(Collected data entries)
========================================

(* Let $\mu$ be a probability measure on $[0,\infty)$ with $\mu(\{0\})<1$, and let $p\in\mathbb N$. Then $m_p(\mu)=\int_{[0,\infty)}x^p\,\mu(dx)<\infty$ if and only if there exist real numbers $r_1,\dots,r_p$ such that $$\frac1x K_\mu(-x)=-r_1+r_2x+\dots+(-1)^p r_p x^{p-1}+o(x^{p-1})\quad\text{as } x\downarrow 0,\ x>0.$$
   Context: For a probability measure $\mu$ on $[0,\infty)$ with $\mu(\{0\})<1$, define $\psi_\mu(z)=\int_{[0,\infty)}\frac{z\xi}{1-z\xi}\,\mu(d\xi)$ for $z\in\mathbb C\setminus[0,\infty)$, and $K_\mu(z)=\psi_\mu(z)/(1+\psi_\mu(z))$. *)

From HB Require Import structures.
From mathcomp Require Import all_boot all_order all_algebra.
From mathcomp Require Import all_classical all_reals all_analysis.
Set Implicit Arguments. Unset Strict Implicit. Unset Printing Implicit Defensive.
Import Order.TTheory GRing.Theory Num.Theory.
Import numFieldNormedType.Exports.
Local Open Scope classical_set_scope.
Local Open Scope ring_scope.

(* psi_mu(z) = \int_{[0,oo)} z xi / (1 - z xi) mu(dxi), restricted to real
   arguments z (only z = -x, x > 0, is used in the statement). *)
Definition psi (R : realType) (mu : probability R R) (z : R) : R :=
  Rintegral mu `[0%R, +oo[%classic (fun xi => z * xi / (1 - z * xi)).

Definition Kmu (R : realType) (mu : probability R R) (z : R) : R :=
  psi mu z / (1 + psi mu z).

Definition moment (R : realType) (mu : probability R R) (p : nat) : \bar R :=
  (\int[mu]_(x in `[0%R, +oo[%classic) (x ^+ p)%:E)%E.

From HB Require Import structures.
From mathcomp Require Import all_boot all_order all_algebra.
From mathcomp Require Import all_classical all_reals all_analysis.
From mathcomp Require Import measurable_realfun ring lra.
Import Order.TTheory GRing.Theory Num.Theory.
Import numFieldNormedType.Exports.
Local Open Scope classical_set_scope.
Local Open Scope ring_scope.

(* For [x > 0] put [G_k(x) = \int xi^k / (1 + x xi) dmu] ([damped_momentr k x]).
   Monotone convergence gives [G_k(x) -> m_k] as [x] decreases to [0], and whenever
   [m_k < +oo] one has [G_k(x) = m_k - x G_(k+1)(x)].  Inducting with this identity,
   [m_(k+n) < +oo] iff [G_k] has a polynomial expansion up to [o(x^n)] at [0+].
   Moreover [psi(-x) = - x G_1(x)] and [1 + psi(-x) = G_0(x) = 1 - x G_1(x)], so
   [F(x) = x^-1 K(-x) = - G_1 / G_0] satisfies [F + G_1 = x F G_1].  Unrolling this
   symmetric relation, [F = - \sum_(j <= n) x^j G_1^(j+1) + x^(n+1) G_1^(n+1) F], so [F]
   and [G_1] admit expansions of the same orders: [m_(n+1) < +oo] iff [F] has an
   expansion up to [o(x^n)], which is the claim for [p = n + 1].  For [p = 0] the
   claim reduces to [K(-x) = (G_0 - 1) / G_0 -> 0]. *)

Lemma cvg_near_eq {T : Type} {U : topologicalType} {F : set_system T}
    {FF : Filter F} {f g : T -> U} {l : U} :
  f @ F --> l -> {near F, f =1 g} -> g @ F --> l.
Proof.
move=> hf fg; apply: cvg_trans hf; apply: near_eq_cvg.
by near=> x; rewrite (near fg x).
Unshelve. all: by end_near.
Qed.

========================================

Work request
The entries above must be written out again exactly as they are.

Output of the task
(* Let $\mu$ be a probability measure on $[0,\infty)$ with $\mu(\{0\})<1$, and let $p\in\mathbb N$. Then $m_p(\mu)=\int_{[0,\infty)}x^p\,\mu(dx)<\infty$ if and only if there exist real numbers $r_1,\dots,r_p$ such that $$\frac1x K_\mu(-x)=-r_1+r_2x+\dots+(-1)^p r_p x^{p-1}+o(x^{p-1})\quad\text{as } x\downarrow 0,\ x>0.$$
   Context: For a probability measure $\mu$ on $[0,\infty)$ with $\mu(\{0\})<1$, define $\psi_\mu(z)=\int_{[0,\infty)}\frac{z\xi}{1-z\xi}\,\mu(d\xi)$ for $z\in\mathbb C\setminus[0,\infty)$, and $K_\mu(z)=\psi_\mu(z)/(1+\psi_\mu(z))$. *)

From HB Require Import structures.
From mathcomp Require Import all_boot all_order all_algebra.
From mathcomp Require Import all_classical all_reals all_analysis.
Set Implicit Arguments. Unset Strict Implicit. Unset Printing Implicit Defensive.
Import Order.TTheory GRing.Theory Num.Theory.
Import numFieldNormedType.Exports.
Local Open Scope classical_set_scope.
Local Open Scope ring_scope.

(* psi_mu(z) = \int_{[0,oo)} z xi / (1 - z xi) mu(dxi), restricted to real
   arguments z (only z = -x, x > 0, is used in the statement). *)
Definition psi (R : realType) (mu : probability R R) (z : R) : R :=
  Rintegral mu `[0%R, +oo[%classic (fun xi => z * xi / (1 - z * xi)).

Definition Kmu (R : realType) (mu : probability R R) (z : R) : R :=
  psi mu z / (1 + psi mu z).

Definition moment (R : realType) (mu : probability R R) (p : nat) : \bar R :=
  (\int[mu]_(x in `[0%R, +oo[%classic) (x ^+ p)%:E)%E.

From HB Require Import structures.
From mathcomp Require Import all_boot all_order all_algebra.
From mathcomp Require Import all_classical all_reals all_analysis.
From mathcomp Require Import measurable_realfun ring lra.
Import Order.TTheory GRing.Theory Num.Theory.
Import numFieldNormedType.Exports.
Local Open Scope classical_set_scope.
Local Open Scope ring_scope.

(* For [x > 0] put [G_k(x) = \int xi^k / (1 + x xi) dmu] ([damped_momentr k x]).
   Monotone convergence gives [G_k(x) -> m_k] as [x] decreases to [0], and whenever
   [m_k < +oo] one has [G_k(x) = m_k - x G_(k+1)(x)].  Inducting with this identity,
   [m_(k+n) < +oo] iff [G_k] has a polynomial expansion up to [o(x^n)] at [0+].
   Moreover [psi(-x) = - x G_1(x)] and [1 + psi(-x) = G_0(x) = 1 - x G_1(x)], so
   [F(x) = x^-1 K(-x) = - G_1 / G_0] satisfies [F + G_1 = x F G_1].  Unrolling this
   symmetric relation, [F = - \sum_(j <= n) x^j G_1^(j+1) + x^(n+1) G_1^(n+1) F], so [F]
   and [G_1] admit expansions of the same orders: [m_(n+1) < +oo] iff [F] has an
   expansion up to [o(x^n)], which is the claim for [p = n + 1].  For [p = 0] the
   claim reduces to [K(-x) = (G_0 - 1) / G_0 -> 0]. *)

Lemma cvg_near_eq {T : Type} {U : topologicalType} {F : set_system T}
    {FF : Filter F} {f g : T -> U} {l : U} :
  f @ F --> l -> {near F, f =1 g} -> g @ F --> l.
Proof.
move=> hf fg; apply: cvg_trans hf; apply: near_eq_cvg.
by near=> x; rewrite (near fg x).
Unshelve. all: by end_near.
Qed.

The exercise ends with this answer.